Auf den letzten Seiten schafft es der Titelheld dann endlich doch noch, mit einer Frau ins Bett zu gehen. Ein Wochenende lang darf er sich dazu fröhlich an einem Strand in der Karibik suhlen, bevor die Bande der lokalen Machos ihn ins Zuckerfeld entführt und dort erschießt. Denn seine Auserwählte, eine alternde Hure mit mütterlichem Hang zu dicken Knaben, in der er nach langen Jahren der entbehrungs- und enttäuschungsreichen Suche die Liebe seines Lebens sieht, gehört schon einem anderen, der sich nicht grundlos capitán nennt und ihr selbstverständlich keinen jüngeren Gespielen gönnt. Schon einmal hat er dies gewaltsam klargestellt. Beim zweiten Mal wird daher nicht gefackelt, und der Held stirbt seinen Liebestod.
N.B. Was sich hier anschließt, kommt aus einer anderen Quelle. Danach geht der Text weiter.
(* Let $p,q$ be integers with $1+|p|<|q|$ and $\gcd(p,q)=1$, and assume $t(x)=x^2+px-q$ is irreducible in $\mathbb{Z}[x]$. Then every nonzero endomorphism $\phi$ of $\mathbb{Z}^2$ with nontrivial kernel is not FA-recognizable with respect to $\psi_{p,q}$, i.e. the relation $\{(u,v)\in\mathrm{Dom}_{p,q}^2:\psi_{p,q}(v)=\phi(\psi_{p,q}(u))\}$ is not FA-recognizable.
   Context: For $f,g\in\mathbb{Z}[x]$ write $f\sim g$ if $t$ divides $f-g$; identify $\mathbb{Z}^2$ with the additive group of $\mathbb{Z}[x]/\langle t\rangle$ via $(h_1,h_2)\mapsto[h_1x+h_2]_\sim$. Let $\Sigma_q=\{-(|q|-1),\dots,|q|-1\}$ with the order $-(|q|-1)<\dots<|q|-1$; a string $a_0a_1\dots a_n\in\Sigma_q^*$ represents the polynomial $a_nx^n+\dots+a_1x+a_0$, and two strings are equivalent if their polynomials are $\sim$-equivalent. $\mathrm{Dom}_{p,q}$ is the set of $w\in\Sigma_q^*$ such that no string strictly smaller than $w$ in the length-lexicographic order on $\Sigma_q^*$ is equivalent to $w$, and $\psi_{p,q}:\mathrm{Dom}_{p,q}\to\mathbb{Z}^2$ sends $w$ to the $\sim$-class of the polynomial it represents. Convolution of strings pads shorter strings with a new symbol $\diamond$ and stacks them letterwise; a relation on strings is FA-recognizable if the set of convolutions of its tuples is accepted by a finite automaton. *)

From HB Require Import structures.
From mathcomp Require Import all_boot all_order all_algebra.
Set Implicit Arguments. Unset Strict Implicit. Unset Printing Implicit Defensive.
Import Order.TTheory GRing.Theory Num.Theory.
Local Open Scope ring_scope.

Definition tpoly (p q : int) : {poly int} := 'X^2 + p%:P * 'X - q%:P.
(* Let $H$ be a $k$-uniform hypergraph and $d$ a positive integer. The toric ideal $I_H$ is generated in degree at most $d$ if and only if for every primitive monomial walk $\mathcal W$ of length $2n>2d$ with $\operatorname{supp}(\mathcal W)\subseteq E(H)$, one of the following two conditions holds: (i) there exists a proper splitting set $S$ of $\mathcal W$; or (ii) there is a finite sequence of pairs $(S_1,R_1),\dots,(S_N,R_N)$ of multisets of edges such that - $S_1$ and $R_1$ are, respectively, a blue splitting set and a red splitting set of $\mathcal W$, each of size less than $n$, with decompositions $(\Gamma_{1,1},S_1,\Gamma_{2,1})$ and $(\Upsilon_{1,1},R_1,\Upsilon_{2,1})$ respectively; - for each $1\le i<N$, $S_{i+1}$ and $R_{i+1}$ are, respectively, a blue splitting set and a red splitting set of $\mathcal W_i$, each of size less than $n$, with decompositions $(\Gamma_{1,i+1},S_{i+1},\Gamma_{2,i+1})$ and $(\Upsilon_{1,i+1},R_{i+1},\Upsilon_{2,i+1})$ respectively, where for each $i$, $\mathcal W_i$ denotes the bicolored multiset whose blue part is $(\Gamma_{2,i})_{blue}$ and whose red part is $(\Upsilon_{1,i})_{red}$; - $S_N\cap R_N\neq\emptyset$, or there exists a proper splitting set of $\mathcal W_N$.
   Context: A hypergraph $H$ has vertex set $V=\{1,\dots,m\}$ and a set $E(H)$ of edges, each a nonempty subset of $V$ (no repeated edges); it is $k$-uniform if every edge has exactly $k$ elements. For a field $K$, the toric ideal $I_H$ is the kernel of $\phi_H: K[t_e : e\in E(H)]\to K[x_1,\dots,x_m]$, $t_e\mapsto\prod_{j\in e}x_j$; ''generated in degree at most $d$'' means $I_H$ is generated by its elements of degree at most $d$. Multisets of edges: $|M|$ is the size counted with multiplicity (the ''size'' of $M$); $\operatorname{supp}(M)$ is the set of distinct elements; $M_1\sqcup M_2$ adds multiplicities; $M_1\cap M_2$ takes minimum multiplicities; $M_2\subseteq M_1$ is multiplicity-wise containment, and $M_2$ is a proper submultiset of $M_1$ if moreover $M_2\neq M_1$. A balanced edge set $\mathcal E$ is a pair of finite multisets $\mathcal E_{blue},\mathcal E_{red}$ of edges of $H$ such that every vertex lies in the same number of blue as red edges, counted with multiplicity; $\operatorname{supp}(\mathcal E)=\operatorname{supp}(\mathcal E_{blue}\sqcup\mathcal E_{red})$, and its length/size is $|\mathcal E|=|\mathcal E_{blue}|+|\mathcal E_{red}|$. For uniform $H$, balanced edge sets are called monomial walks. A balanced edge set $\mathcal E$ is primitive if there is no other balanced edge set $\mathcal E'$ with $\mathcal E'_{blue}\subsetneq\mathcal E_{blue}$ and $\mathcal E'_{red}\subsetneq\mathcal E_{red}$. A balanced edge set $\mathcal F$ is reducible with separator $S$ and decomposition $(\Gamma_1,S,\Gamma_2)$ if $S$ is a nonempty multiset with $\operatorname{supp}(S)\subseteq\operatorname{supp}(\mathcal F)$ and there are balanced edge sets $\Gamma_1\neq\mathcal F$, $\Gamma_2\neq\mathcal F$ with $S=\Gamma_{1,red}\cap\Gamma_{2,blue}$, $\mathcal F_{blue}\sqcup\mathcal F_{red}=\Gamma_{1,blue}\sqcup\Gamma_{1,red}\sqcup\Gamma_{2,blue}\sqcup\Gamma_{2,red}$, $\Gamma_{1,red},\Gamma_{2,red}\subseteq\mathcal F_{red}$ and $\Gamma_{1,blue},\Gamma_{2,blue}\subseteq\mathcal F_{blue}$. $S$ is proper with respect to $(\Gamma_1,S,\Gamma_2)$ if $S$ is a proper submultiset of both $\Gamma_{1,red}$ and $\Gamma_{2,blue}$; if not proper, $S$ is blue with respect to $(\Gamma_1,S,\Gamma_2)$ if $\Gamma_{1,red}=S$ and red if $\Gamma_{2,blue}=S$. For a bicolored multiset $\mathcal E$ and a multiset $S$ of edges, $\mathcal E+S$ has blue part $\mathcal E_{blue}\sqcup S$ and red part $\mathcal E_{red}\sqcup S$. A nonempty multiset $S$ with $\operatorname{supp}(S)\subseteq E(H)$ is a splitting set of $\mathcal E$ with decomposition $(\Gamma_1,S,\Gamma_2)$ if $\mathcal E+S$ is reducible with separator $S$ and decomposition $(\Gamma_1,S,\Gamma_2)$; it is a blue (resp. red) splitting set with respect to this decomposition if $S$ is a blue (resp. red) separator of $\mathcal E+S$ with respect to it; it is a proper splitting set of $\mathcal E$ if there is a decomposition of $\mathcal E+S$ with respect to which $S$ is proper. *)

From mathcomp Require Import all_boot all_algebra.
From mathcomp Require Import mpoly.

Set Implicit Arguments.
Unset Strict Implicit.
Unset Printing Implicit Defensive.

Import GRing.Theory.

(* A hypergraph on the vertex set 'I_m (= {1..m} shifted) with r edges is
   given by an injective map [ed : 'I_r -> {set 'I_m}] (no repeated edges)
   whose values are nonempty. Edges of H are thus indexed by 'I_r, and a
   multiset of edges of H is a multiplicity function 'I_r -> nat. *)

Definition nonempty_edges (m r : nat) (ed : 'I_r -> {set 'I_m}) :=
  forall i, ed i != set0.

Definition uniform (m r : nat) (ed : 'I_r -> {set 'I_m}) (k : nat) :=
  forall i, #|ed i| = k.

Definition phiH (K : fieldType) (m r : nat) (ed : 'I_r -> {set 'I_m})
  (p : {mpoly K[r]}) : {mpoly K[m]} :=
  mmap (@mpolyC m K) (fun i => (\prod_(j in ed i) 'X_j)%R) p.

Definition in_toric_ideal (K : fieldType) (m r : nat) (ed : 'I_r -> {set 'I_m})
  (p : {mpoly K[r]}) : Prop := phiH ed p = 0%R.

(* I_H is generated by its elements of (total) degree at most d:
   every element of I_H is a finite combination sum_i c_i g_i with g_i in I_H
   of degree <= d (msize g = 1 + total degree, msize 0 = 0). *)
Definition toric_generated_in_degree_le (K : fieldType) (m r : nat)
  (ed : 'I_r -> {set 'I_m}) (d : nat) : Prop :=
  forall f : {mpoly K[r]}, in_toric_ideal ed f ->
    exists (l : nat) (c g : 'I_l -> {mpoly K[r]}),
      (forall i, in_toric_ideal ed (g i) /\ (msize (g i) <= d.+1)%N) /\
      f = (\sum_(i < l) c i * g i)%R.

Definition mset (r : nat) := {ffun 'I_r -> nat}.

Definition mset0 (r : nat) : mset r := [ffun=> 0%N].
Definition madd (r : nat) (A B : mset r) : mset r := [ffun i => (A i + B i)%N].
Definition mcap (r : nat) (A B : mset r) : mset r := [ffun i => minn (A i) (B i)].
Definition msub (r : nat) (A B : mset r) : Prop := forall i, (A i <= B i)%N.
Definition mproper (r : nat) (A B : mset r) : Prop := msub A B /\ A <> B.
Definition msz (r : nat) (A : mset r) : nat := (\sum_i A i)%N.
Definition mnonempty (r : nat) (A : mset r) : Prop := exists i, (0 < A i)%N.

Definition bms (r : nat) := (mset r * mset r)%type.
Definition blue (r : nat) (E : bms r) : mset r := E.1.
Definition red (r : nat) (E : bms r) : mset r := E.2.
Definition bsz (r : nat) (E : bms r) : nat := (msz (blue E) + msz (red E))%N.

Definition balanced (m r : nat) (ed : 'I_r -> {set 'I_m}) (E : bms r) : Prop :=
  forall v : 'I_m,
    (\sum_(i | v \in ed i) blue E i)%N = (\sum_(i | v \in ed i) red E i)%N.

Definition primitive (m r : nat) (ed : 'I_r -> {set 'I_m}) (E : bms r) : Prop :=
  balanced ed E /\
  ~ (exists E' : bms r, balanced ed E' /\ (0 < bsz E')%N /\
       mproper (blue E') (blue E) /\ mproper (red E') (red E)).

Definition reducible_decomp (m r : nat) (ed : 'I_r -> {set 'I_m})
  (F : bms r) (S : mset r) (G1 G2 : bms r) : Prop :=
  [/\ mnonempty S,
      (forall i, (0 < S i)%N -> (0 < blue F i + red F i)%N),
      [/\ balanced ed G1, balanced ed G2, G1 <> F & G2 <> F] &
      [/\ S = mcap (red G1) (blue G2),
          madd (blue F) (red F) =
            madd (madd (blue G1) (red G1)) (madd (blue G2) (red G2)),
          msub (red G1) (red F) /\ msub (red G2) (red F) &
          msub (blue G1) (blue F) /\ msub (blue G2) (blue F)]].

Definition proper_sep (r : nat) (S : mset r) (G1 G2 : bms r) : Prop :=
  mproper S (red G1) /\ mproper S (blue G2).

Definition blue_sep (r : nat) (S : mset r) (G1 G2 : bms r) : Prop :=
  ~ proper_sep S G1 G2 /\ red G1 = S.

Definition red_sep (r : nat) (S : mset r) (G1 G2 : bms r) : Prop :=
  ~ proper_sep S G1 G2 /\ blue G2 = S.

Definition bms_plus (r : nat) (E : bms r) (S : mset r) : bms r :=
  (madd (blue E) S, madd (red E) S).

Definition splitting_decomp (m r : nat) (ed : 'I_r -> {set 'I_m})
  (E : bms r) (S : mset r) (G1 G2 : bms r) : Prop :=
  mnonempty S /\ reducible_decomp ed (bms_plus E S) S G1 G2.

Definition blue_splitting (m r : nat) (ed : 'I_r -> {set 'I_m})
  (E : bms r) (S : mset r) (G1 G2 : bms r) : Prop :=
  splitting_decomp ed E S G1 G2 /\ blue_sep S G1 G2.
Diesen Ausgang der Geschichte darf man deshalb hier getrost verraten, weil schon der Titel des Romans - "Das kurze, wundersame Leben des Oscar Wao"- uns auf das Ende vorbereitet. Man hat es längst herbeigesehnt. Nach nahezu vierhundert Seiten pubertär aufgedrehter Testosteronprosa im übersteuerten Ton eines großspurigen Erzählers tut die Ruhe nach dem Ende richtig gut. Eine Familiensaga über drei Generationen zwischen der Dominikanischen Republik und New Jersey mit großem Aufgebot an Personal und ausschweifenden Handlungsbögen, präsentiert vor der bewegten historischen Kulisse eines guten halben Jahrhunderts, soll uns hier offenbar geboten werden. Doch was den Erzähler letztlich interessiert und was daher die Spannung durch sämtliche Abschweifungen halten muss, ist die schlichte Frage, ob der Titelheld das alte Sprichwort widerlegen kann, dass noch kein Dominikaner als Jungfrau gestorben sei. Nach dem Gesetz der Serie müssen dem übergewichtigen Nerd, der ganz in der virtuellen Welt der Fantasy, der Rollenspiele und Sciencefiction lebt, daher eine Reihe von erträumten und misslingenden Beziehungen widerfahren. Die aber sind, bis er mit dreiundzwanzig endlich seine sexuelle Initiation und finale Gnade findet, so absehbar wie trist.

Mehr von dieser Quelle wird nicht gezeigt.